Nesse caso, não são erros de grafia, mas a lógica é a mesma: uma pequena variação de caracteres para manter o assunto em alta sem alterar a mensagem. Segundo o estudo, o Wikileaks conseguiu aparecer 1.917 vezes nos trending topics de todo o mundo, permanecendo lá nos 30 dias que antecederam as eleições presidenciais americanas de 2016.

A pedido da reportagem, a AP Exata, empresa especializada em análise em redes sociais, fez um levantamento de todas as hashtags que levavam o nome de Bolsonaro durante abril – tanto as de apoio quanto as de oposição. A quantidade de hashtags com erros de grafia foi baixa em relação ao volume total, mas aparecem algumas variações de #FechadoComBolsolnaro.

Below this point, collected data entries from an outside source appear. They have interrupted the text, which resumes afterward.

Lemma rules_DA t : In t (rules DA) <-> In t (rules D) \/ In t RA.
Proof. apply in_app_iff. Qed.
Lemma rules_TA t : In t (rules TA) <-> generated D t \/ In t RA.
Proof. unfold TA, add; cbn [rules]; rewrite in_app_iff, in_translate_rules; reflexivity. Qed.

Lemma added_unlabelled t : In t RA -> forall u,
  ~ In (rlabel t, u) (sup D) /\ ~ In (u, rlabel t) (sup D) /\
  ~ In (rlabel t, u) (sup (translate D)) /\ ~ In (u, rlabel t) (sup (translate D)).
Proof.
  intros Ht u; destruct modA as [_ [H1 H2]].
  assert (HA : Lambda A (rlabel t)) by (left; exists t; auto).
  repeat split; intros H; [apply (H1 (rlabel t)) | apply (H1 (rlabel t)) | apply (H2 (rlabel t))
    | apply (H2 (rlabel t))]; auto; right; exists u; auto.
Qed.

Lemma rsup_DA t u : rsup DA t u <-> rsup D t u.
Proof. unfold rsup, supR; cbn; rewrite app_nil_r; reflexivity. Qed.
Lemma rsup_TA t u : rsup TA t u <-> generated_sup D (rlabel t) (rlabel u).
Proof. unfold rsup, supR, TA, add; cbn [sup]; rewrite app_nil_r, in_translate_sup; reflexivity. Qed.

Lemma rsup_added_l t u : In t RA -> ~ rsup D t u /\ ~ rsup TA t u.
Proof.
  intros Ht; unfold rsup, supR, TA, add; cbn [sup]; rewrite app_nil_r.
  split; apply (added_unlabelled t Ht).
Qed.
Lemma rsup_added_r t u : In u RA -> ~ rsup D t u /\ ~ rsup TA t u.
Proof.
  intros Hu; unfold rsup, supR, TA, add; cbn [sup]; rewrite app_nil_r.
  split; apply (added_unlabelled u Hu).
Qed.

Lemma rsup_TA_classes t u : rsup TA t u ->
  (rlabel t mod 8 = 6 \/ rlabel t mod 8 = 7) /\ (rlabel u mod 8 = 0 \/ rlabel u mod 8 = 3).
Proof. rewrite rsup_TA; apply generated_sup_mod. Qed.

Ltac label_class H :=
  apply rsup_TA_classes in H; cbn [rlabel c_intro c_elim v_intro v_elim] in H;
  rewrite !gen_label_mod in H by lia; lia.

Lemma c_intro_not_superior r u : ~ rsup TA (c_intro D r) u.
Proof. intros H; label_class H. Qed.
Lemma v_intro_not_superior s u : ~ rsup TA (v_intro D s) u.
Proof. intros H; label_class H. Qed.
Lemma c_elim_not_inferior r u : ~ rsup TA u (c_elim D r).
Proof. intros H; label_class H. Qed.
Lemma v_elim_not_inferior s u : ~ rsup TA u (v_elim D s).
Proof. intros H; label_class H. Qed.

Lemma rsup_TA_c_attack s r : In s (rules D) -> In r (rules D) -> sd_kind r ->
  rhead s = compl (rhead r) -> rsup TA (c_attack D s r) (c_intro D r) <-> rsup D s r.
Proof.
  intros Hs Hr Hd He; rewrite rsup_TA; split.
  - intros H; remember (rlabel (c_attack D s r)) as x eqn:Hx;
      remember (rlabel (c_intro D r)) as y eqn:Hy.
    destruct H as [r' s' | s' r' _ _ _ _ _ Hsr]; cbn in Hx, Hy;
      apply gen_label_inj in Hx as [Hk [Hl1 Hl2]]; try lia.
    unfold rsup, supR; rewrite <- Hl1, <- Hl2; exact Hsr.
  - intros H; constructor; auto using rsup_asym.
Qed.

Lemma rsup_TA_v_defeat r s : In s (rules D) -> In r (rules D) -> sd_kind r ->
  rhead s = compl (rhead r) -> rsup D r s -> rsup TA (v_defeat D r s) (v_intro D s).
Proof. intros; apply rsup_TA; constructor; auto. Qed.

Lemma rule_head_atom_lt t : In t (rules D) -> atom_of (rhead t) < atom_bound D.
Proof. intros H; apply Sigma_atom_lt; right; exists t; auto. Qed.

Ltac inconsistent_head Hh :=
  exfalso;
  first [ discriminate Hh
        | injection Hh; unfold c_atom, v_atom; lia
        | match type of Hh with rhead ?x = ?q =>
            match goal with Hx : In x (rules D) |- _ =>
              let Hl := fresh in pose proof (rule_head_atom_lt x Hx) as Hl; rewrite Hh in Hl;
              cbn [atom_of] in Hl; unfold c_atom, v_atom in Hl; lia end end ].

Lemma rules_TA_not_aux q t : ~ aux_lit D q -> in_R TA q t ->
  (In t RA /\ rhead t = q) \/
  (exists r, In r (rules D) /\ sd_kind r /\ t = c_elim D r /\ rhead r = q) \/
  (exists s, In s (rules D) /\ t = v_elim D s /\ rhead s = q).
Proof.
  intros Hq [Ht Hh]; apply rules_TA in Ht as [Ht|Ht]; [|left; auto].
  destruct Ht; cbn in Hh; subst q;
    try (exfalso; apply Hq;
         first [solve [exists r; split; [assumption|]; cbn [atom_of]; auto]
               | solve [exists s; split; [assumption|]; cbn [atom_of]; auto]]).
  - right; left; eauto.
  - right; right; eauto.
Qed.

Lemma rules_TA_c_atom r t : In r (rules D) -> sd_kind r -> in_R TA (Pos (c_atom D r)) t ->
  t = c_intro D r \/ t = c_mention D r.
Proof.
  intros Hr Hd [Ht Hh]; apply rules_TA in Ht as [Ht|Ht].
  - destruct Ht; cbn in Hh; try inconsistent_head Hh;
      apply (f_equal atom_of) in Hh; apply c_atom_inj in Hh; subst; auto.
  - exfalso; apply (added_head_not_aux t Ht); rewrite Hh; exists r; cbn; auto.
Qed.

Lemma rules_TA_neg_c_atom r t : In r (rules D) -> sd_kind r -> in_R TA (Neg (c_atom D r)) t ->
  exists s, In s (rules D) /\ rhead s = compl (rhead r) /\ ~ rsup D r s /\ t = c_attack D s r.
Proof.
  intros Hr Hd [Ht Hh]; apply rules_TA in Ht as [Ht|Ht].
  - destruct Ht; cbn in Hh; try inconsistent_head Hh;
      apply (f_equal atom_of) in Hh; apply c_atom_inj in Hh; subst; eauto.
  - exfalso; apply (added_head_not_aux t Ht); rewrite Hh; exists r; cbn; auto.
Qed.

São elas: #FechadoComBolsobaro, #FechafoComBolsonaro, #FechadosComBolsolnaro, #fechadosComBoldonaro e #FechadosComBolsanaro. Apareceram ainda #EuApoioBolsolnaro e #somostodosbolsobaro, Nem todas tiveram grande eco, mas foram utilizadas. Nenhuma hashtag contra o presidente apareceu com a grafia errada.

Efeitos

O Twitter tem uma explicação mais simples para o fenômeno. “O recurso de autocompletar pode sugerir ao usuário um termo já usado antes, ainda que esteja escrito de forma errada”, diz Gallo.

Os especialistas concordam que esse recurso pode ajudar o impulsionamento orgânico de uma hashtag que começou em redes de robôs.

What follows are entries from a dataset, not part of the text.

Definition complete (N : nat) (gam : 'I_N -> 'I_N -> R -> R)
    (mu : 'I_N -> 'rV[R]_N -> R) (k0 kG kh : R) (c : 'rV[R]_N)
    (y : 'I_N.+1 -> 'rV[R]_N * R) : Prop :=
  exists W : 'M[R]_N.+1, label_matrix gam mu k0 kG kh c y *m W = 1%:M /\ lexpos W.

End Defs.

From HB Require Import structures.
From mathcomp Require Import all_boot all_order all_algebra all_fingroup.
From mathcomp Require Import lra.
Set Implicit Arguments. Unset Strict Implicit. Unset Printing Implicit Defensive.
Import Order.TTheory GRing.Theory Num.Theory.
Local Open Scope ring_scope.

(* Suppose tau is complete, W >lex 0 and L(tau) W = I.  The first
   column lam of W is nonnegative, sums to 1 (first row of L is all ones) and
   annihilates every label coordinate: sum_j lam_j l(y^j)_i = 0.  Call an index
   i "vanishing" if v^j_i = 0 for every vertex j in the support of lam.  For a
   vanishing i the i-th label of a supported vertex is (1-t_j) c_i + t_j phi_i,
   a sum of nonnegative terms, so their lam-combination can only be zero if
   t_j = 1 and phi_i(v^j) = 0.  Since ||v^j|| <= ||v^{N+1}|| < k0 + kG, the
   scaling factor of Gamma_mu in phi is positive; hence Gamma_mu(v^j)_i = 0,
   so gamma_im(v^j_m) = 0 for all m, and every m with gamma_im a K_inf function
   is vanishing too.  The index i* is vanishing, so by irreducibility every
   index is, i.e. v^j = 0 on the support; but then phi_i(0) >= kh > 0,
   a contradiction. *)

Section SimplexGeometry.
Variable R : rcfType.

Lemma sum_prefix_le (n m m' : nat) (F : 'I_n -> R) :
  (forall i, 0 <= F i) -> (m <= m')%N ->
  \sum_(i < n | (i < m)%N) F i <= \sum_(i < n | (i < m')%N) F i.
Proof.
move=> F_ge0 le_mm'; rewrite [X in X <= _]big_mkcond [X in _ <= X]big_mkcond.
apply: ler_sum => i _; case: ifP => [lt_im | _]; first by rewrite (leq_trans lt_im).
by case: ifP.
Qed.

(* The time coordinate of a vertex of K~_1(delta) lies in [0, 1]: it counts
   how many of the first m steps of the permutation hit the last axis. *)
Lemma K1_vertex_time_bounds N (delta : R) z pi (m : 'I_N.+2) :
  0 <= (K1_vertex delta z pi m).2 <= 1.
Proof.
apply/andP; split; first by apply: sumr_ge0 => i _; rewrite ler0n.
apply: (@le_trans _ _ (\sum_(i < N.+1 | (i < N.+2)%N) (pi i == ord_max)%:R)).
  by apply: sum_prefix_le => [i|]; [rewrite ler0n | exact: ltnW (ltn_ord m)].
rewrite (eq_bigl xpredT); last by move=> i; rewrite /= ltnS ltnW.
rewrite (reindex_inj (@perm_inj _ pi^-1)) /=.
under eq_bigr do rewrite permKV.
by rewrite (bigD1 ord_max) //= eqxx big1 ?addr0 // => i /negbTE ->.
Qed.

Lemma K1_vertex_mono N (delta : R) z pi (m m' : 'I_N.+2) (i : 'I_N) :
  0 < delta -> (m <= m')%N ->
  (K1_vertex delta z pi m).1 0 i <= (K1_vertex delta z pi m').1 0 i.
Proof.
move=> delta_gt0 le_mm'; rewrite !mxE lerD2l.
by apply: sum_prefix_le => // k; rewrite mulr_ge0 ?ler0n ?ltW.
Qed.

Lemma enorm_le_nonneg N (a b : 'rV[R]_N) :
  nonneg_vec a -> (forall i, a 0 i <= b 0 i) -> enorm a <= enorm b.
Proof.
move=> a_ge0 le_ab; apply: ler_wsqrtr; apply: ler_sum => i _.
by rewrite lerXn2r ?nnegrE ?(le_trans (a_ge0 i)).
Qed.

Lemma enorm_coord0 N (a : 'rV[R]_N) : (forall i, a 0 i = 0) -> enorm a = 0.
Proof. by move=> a0; rewrite /enorm big1 ?sqrtr0 // => i _; rewrite a0 expr0n. Qed.

Lemma K1_Nsimplex_time_bounds N (delta : R) (y : 'I_N.+1 -> 'rV[R]_N * R) :
  K1_Nsimplex delta y -> forall j, 0 <= (y j).2 <= 1.
Proof. by move=> [z [pi [k y_def]]] j; rewrite y_def K1_vertex_time_bounds. Qed.

Lemma K1_Nsimplex_norm_le_last N (delta : R) (y : 'I_N.+1 -> 'rV[R]_N * R) :
  0 < delta -> K1_Nsimplex delta y -> (forall j, nonneg_vec (y j).1) ->
  forall j, enorm (y j).1 <= enorm (y ord_max).1.
Proof.
move=> delta_gt0 [z [pi [k y_def]]] y_ge0 j.
apply: enorm_le_nonneg => // i; rewrite !y_def.
by apply: K1_vertex_mono; rewrite //= leq_bump2 -ltnS.
Qed.

End SimplexGeometry.

(* A nonnegative combination of the nonnegative numbers (1 - t_j) a + t_j b_j
   (a > 0, t_j in [0, 1], b_j >= 0) vanishes only if b_j = 0 wherever the
   coefficient lam_j is nonzero: each such term must have t_j = 1. *)
Lemma convex_comb_eq0 (R : realFieldType) n (lam t b : 'I_n -> R) (a : R) :
  0 < a -> (forall j, 0 <= lam j) -> (forall j, 0 <= t j <= 1) ->
  (forall j, 0 <= b j) ->
  \sum_j ((1 - t j) * a + t j * b j) * lam j = 0 ->
  forall j, lam j != 0 -> b j = 0.
Proof.
move=> a_gt0 lam_ge0 t01 b_ge0 sum0 j lam_neq0.
have term_ge0 k : 0 <= (1 - t k) * a + t k * b k.
  have /andP[t0 t1] := t01 k.
  by apply: addr_ge0; apply: mulr_ge0; rewrite ?subr_ge0 // ltW.
have /eqP := psumr_eq0P (fun k _ => mulr_ge0 (term_ge0 k) (lam_ge0 k)) sum0 (i := j) isT.
rewrite mulf_eq0 (negbTE lam_neq0) orbF => /eqP term0.
have /andP[t0 t1] := t01 j.
move/eqP: term0; rewrite paddr_eq0 ?mulr_ge0 ?subr_ge0 ?(ltW a_gt0) // => /andP[].
rewrite mulf_eq0 (gt_eqF a_gt0) orbF subr_eq0 => /eqP <-.
by rewrite mul1r => /eqP.
Qed.

Lemma reach_backward (N : nat) (E : 'I_N -> 'I_N -> Prop) (P : 'I_N -> Prop) :
  (forall a b, E a b -> P b -> P a) ->
  forall a b, reach E a b -> P b -> P a.
Proof. by move=> step a b; elim=> // a' b' c' /step + _ IH /IH; apply. Qed.

Section Completeness.
Variables (R : rcfType) (N : nat) (gam : 'I_N -> 'I_N -> R -> R)
  (mu : 'I_N -> 'rV[R]_N -> R) (k0 kG kh : R) (c : 'rV[R]_N)
  (y : 'I_N.+1 -> 'rV[R]_N * R) (W : 'M[R]_N.+1).

Lemma lexpos_first_col_ge0 : lexpos W -> forall j, 0 <= W j 0.
Proof.
move=> W_lex j; have [l [W_jl W_before]] := W_lex j.
have [l0 | l_gt0] := posnP (val l).
  by rewrite (_ : 0 = l) ?ltW //; apply: val_inj.
by rewrite W_before ?l_gt0.
Qed.

Hypothesis LW : label_matrix gam mu k0 kG kh c y *m W = 1%:M.

(* Reading the first column of L W = I: the first column of W is a vector of
   barycentric weights annihilating every label coordinate. *)
Lemma complete_weights_sum1 : \sum_j W j 0 = 1.
Proof.
have := congr1 (fun M : 'M[R]_N.+1 => M 0 0) LW; rewrite !mxE /= => LW00.
rewrite -[RHS]LW00.
by apply: eq_bigr => j _; rewrite mxE unlift_none mul1r.
Qed.

Lemma complete_label_comb0 (i : 'I_N) :
  \sum_j label gam mu k0 kG kh c (y j) 0 i * W j 0 = 0.
Proof.
have := congr1 (fun M : 'M[R]_N.+1 => M (lift ord0 i) 0) LW; rewrite !mxE /= => LWi0.
rewrite -[RHS]LWi0.
by apply: eq_bigr => j _; rewrite [in RHS]mxE liftK.
Qed.

Lemma complete_weights_support : exists j, W j 0 != 0.
Proof.
have [j nz | all0] := pickP (fun j => W j 0 != 0); first by exists j.
move: complete_weights_sum1; rewrite big1 => [/eqP | j _]; first by rewrite eq_sym oner_eq0.
by apply/eqP; rewrite -[_ == _]negbK all0.
Qed.

End Completeness.

Lemma Kinf_or_zero_ge0 (R : rcfType) (g : R -> R) :
  Kinf_or_zero g -> forall x, 0 <= x -> 0 <= g x.
Proof. by case=> [[_ _ _ _ g_ge0] | g0] x x_ge0; rewrite ?g0 ?g_ge0. Qed.

Lemma Kinf_or_zero_eq0 (R : rcfType) (g : R -> R) (x : R) :
  Kinf_or_zero g -> (exists2 s, 0 <= s & g s <> 0) ->
  0 <= x -> g x = 0 -> x = 0.
Proof.
case=> [[_ g_incr _ g00 _] | g0] g_nonzero; last by case: g_nonzero => s /g0.
rewrite le_eqVlt => /orP[/eqP <- // | x_gt0] gx0.
by have := g_incr 0 x (lexx 0) x_gt0; rewrite g00 gx0 ltxx.
Qed.

Section PhiPositivity.
Variables (R : rcfType) (N : nat) (gam : 'I_N -> 'I_N -> R -> R)
  (mu : 'I_N -> 'rV[R]_N -> R) (k0 kG kh : R).
Hypothesis gam_class : forall i j, Kinf_or_zero (gam i j).
Hypothesis mu_aggr : forall i, mono_aggr (mu i).

Lemma Gamma_mu_ge0 (v : 'rV[R]_N) : nonneg_vec v -> nonneg_vec (Gamma_mu gam mu v).
Proof.
move=> v_ge0 i; rewrite mxE; have [_ mu_ge0 _ _ _] := mu_aggr i.
by apply: mu_ge0 => m; rewrite mxE; apply: Kinf_or_zero_ge0.
Qed.

(* If Gamma_mu(v)_i = 0 then every gamma_im(v_m) vanishes (mu_i is positive
   definite), hence v_m = 0 along every edge m -> i of the graph of Gamma. *)
Lemma Gamma_mu_coord_eq0 (v : 'rV[R]_N) (i m : 'I_N) :
  nonneg_vec v -> Gamma_mu gam mu v 0 i = 0 ->
  (exists2 s, 0 <= s & gam i m s <> 0) -> v 0 m = 0.
Proof.
move=> v_ge0; rewrite mxE; have [_ _ mu_def _ _] := mu_aggr i.
move=> /mu_def row0 edge; apply: (Kinf_or_zero_eq0 (gam_class i m) edge) => //.
have /(congr1 (fun r : 'rV[R]_N => r 0 m)) : \row_j gam i j (v 0 j) = 0.
  by apply: row0 => j; rewrite mxE; apply: Kinf_or_zero_ge0.
by rewrite !mxE.
Qed.

Definition phi_scale (n : R) : R := 1 + Num.min 0 ((kG - 2 * n) / (n + k0)).

Lemma phi_coordE (v : 'rV[R]_N) (i : 'I_N) :
  phi gam mu k0 kG kh v 0 i =
  phi_scale (enorm v) * Gamma_mu gam mu v 0 i + Num.max 0 (kh - 2 * enorm v).
Proof. by rewrite /phi !mxE mulr1. Qed.

Lemma phi_scale_gt0 (n : R) : 0 < k0 -> 0 <= n -> n < k0 + kG -> 0 < phi_scale n.
Proof.
move=> k0_gt0 n_ge0 n_small.
rewrite /phi_scale -ltrBlDr sub0r ltrNl lt_min ltrN10 /= ltr_pdivlMr; lra.
Qed.

Lemma phi_ge0 (v : 'rV[R]_N) : 0 < k0 -> nonneg_vec v -> enorm v < k0 + kG ->
  nonneg_vec (phi gam mu k0 kG kh v).
Proof.
move=> k0_gt0 v_ge0 v_short i; rewrite phi_coordE addr_ge0 ?le_max ?lexx //.
by rewrite mulr_ge0 ?Gamma_mu_ge0 // ltW // phi_scale_gt0 ?sqrtr_ge0.
Qed.

Lemma phi_coord_eq0 (v : 'rV[R]_N) (i : 'I_N) :
  0 < k0 -> nonneg_vec v -> enorm v < k0 + kG ->
  phi gam mu k0 kG kh v 0 i = 0 -> Gamma_mu gam mu v 0 i = 0 /\ kh <= 2 * enorm v.
Proof.
move=> k0_gt0 v_ge0 v_short; rewrite phi_coordE => /eqP.
have scale_gt0 := phi_scale_gt0 k0_gt0 (sqrtr_ge0 _) v_short.
have scaled_ge0 : 0 <= phi_scale (enorm v) * Gamma_mu gam mu v 0 i.
  by rewrite mulr_ge0 ?Gamma_mu_ge0 ?ltW.
rewrite (paddr_eq0 scaled_ge0) ?le_max ?lexx // mulf_eq0 (gt_eqF scale_gt0) /=.
move=> /andP[/eqP Gi0 /eqP max0]; split=> //.
by rewrite -subr_le0 -[X in _ <= X]max0 le_max lexx orbT.
Qed.

End PhiPositivity.

Lemma label_coord_on_face (R : rcfType) N gam mu (k0 kG kh : R) (c : 'rV[R]_N)
    (y : 'rV[R]_N * R) (i : 'I_N) :
  y.1 0 i = 0 ->
  label gam mu k0 kG kh c y 0 i = (1 - y.2) * c 0 i + y.2 * phi gam mu k0 kG kh y.1 0 i.
Proof. by move=> yi0; rewrite /label /theta !mxE yi0 subr0. Qed.

Theorem mainTheorem4 (R : rcfType) (N : nat)
    (gam : 'I_N -> 'I_N -> R -> R) (mu : 'I_N -> 'rV[R]_N -> R)
    (k0 kG kh delta : R) (c : 'rV[R]_N) (y : 'I_N.+1 -> 'rV[R]_N * R) :
  (forall i j, Kinf_or_zero (gam i j)) ->
  Gamma_irreducible gam ->
  (forall i, mono_aggr (mu i)) ->
  0 < k0 -> 0 < kh -> kh < kG -> 0 < delta ->
  (forall i, 0 < c 0 i) -> enorm c < kG / 2 ->
  K1_Nsimplex delta y ->
  (forall j, nonneg_vec (y j).1) ->
  (exists istar : 'I_N, forall j, (y j).1 0 istar = 0) ->
  enorm (y ord_max).1 < k0 + kG ->
  ~ complete gam mu k0 kG kh c y.
Proof.
move=> gam_class irr mu_aggr k0_gt0 kh_gt0 _ delta_gt0 c_gt0 _ simplex y_ge0
  [istar on_face] last_short [W [LW W_lex]].
pose vanishing i := forall j, W j 0 != 0 -> (y j).1 0 i = 0.
have short j : enorm (y j).1 < k0 + kG.
  exact: le_lt_trans (K1_Nsimplex_norm_le_last delta_gt0 simplex y_ge0 j) last_short.
have phi_zero i : vanishing i -> forall j, W j 0 != 0 -> phi gam mu k0 kG kh (y j).1 0 i = 0.
  move=> van_i; apply: (convex_comb_eq0 (c_gt0 i) (lexpos_first_col_ge0 W_lex)
    (K1_Nsimplex_time_bounds simplex)) => [j|].
    exact: (phi_ge0 kh gam_class mu_aggr k0_gt0 (y_ge0 j) (short j)).
  rewrite -[RHS](complete_label_comb0 LW i); apply: eq_bigr => j _.
  have [-> | nz] := eqVneq (W j 0) 0; first by rewrite !mulr0.
  by rewrite label_coord_on_face ?van_i.
have all_vanish i : vanishing i.
  apply: (reach_backward _ (irr i istar)) => [a b edge van_b j nz | j _]; last exact: on_face.
  have [Gb0 _] := phi_coord_eq0 gam_class mu_aggr k0_gt0 (y_ge0 j) (short j) (phi_zero b van_b j nz).
  exact: (Gamma_mu_coord_eq0 gam_class mu_aggr (y_ge0 j) Gb0 edge).
have [j nz] := complete_weights_support LW.
have [_] := phi_coord_eq0 gam_class mu_aggr k0_gt0 (y_ge0 j) (short j)
  (phi_zero istar (fun j _ => on_face j) j nz).
by rewrite enorm_coord0 => [|i]; [lra | exact: all_vanish].
Qed.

Outra maneira que a hashtag errada tem para ganhar audiência orgânica é chamar a atenção de um perfil influente no Twitter. “Nas eleições, percebemos que quando uma autoridade retuitava uma hashtag, ela explodia. Além disso, esse retuíte ‘lava’ a informação, no sentido de legitimizá-la”, diz Raquel Recuero, professora da Universidade Federal de Pelotas.

No caso político, um terceiro efeito seria o de pescar a atenção de opositores que, ao fazerem piada com uma hashtag errada, acabam ampliando a divulgação da mensagem.

Para Malini, a falta de transparência do algoritmo mais atrapalha do que ajudam a plataforma – segundo ele, isso tira credibilidade do serviço. Ele, porém, diz que vê como positivo o movimento da rede social de incluir assuntos e temas, e não apenas hashtags, nos trending topics. Isso, segundo o pesquisador, amplia a variedade de pessoas e perfis que ficam em destaque.

“Como os spammers mudam suas táticas, modificamos nossas ferramentas para abordar tais situações”, explica Gallo. “No caso dos Assuntos do Momento, tomamos medidas preventivas como excluir tuítes e usuários automatizados dos cálculos de tendências.”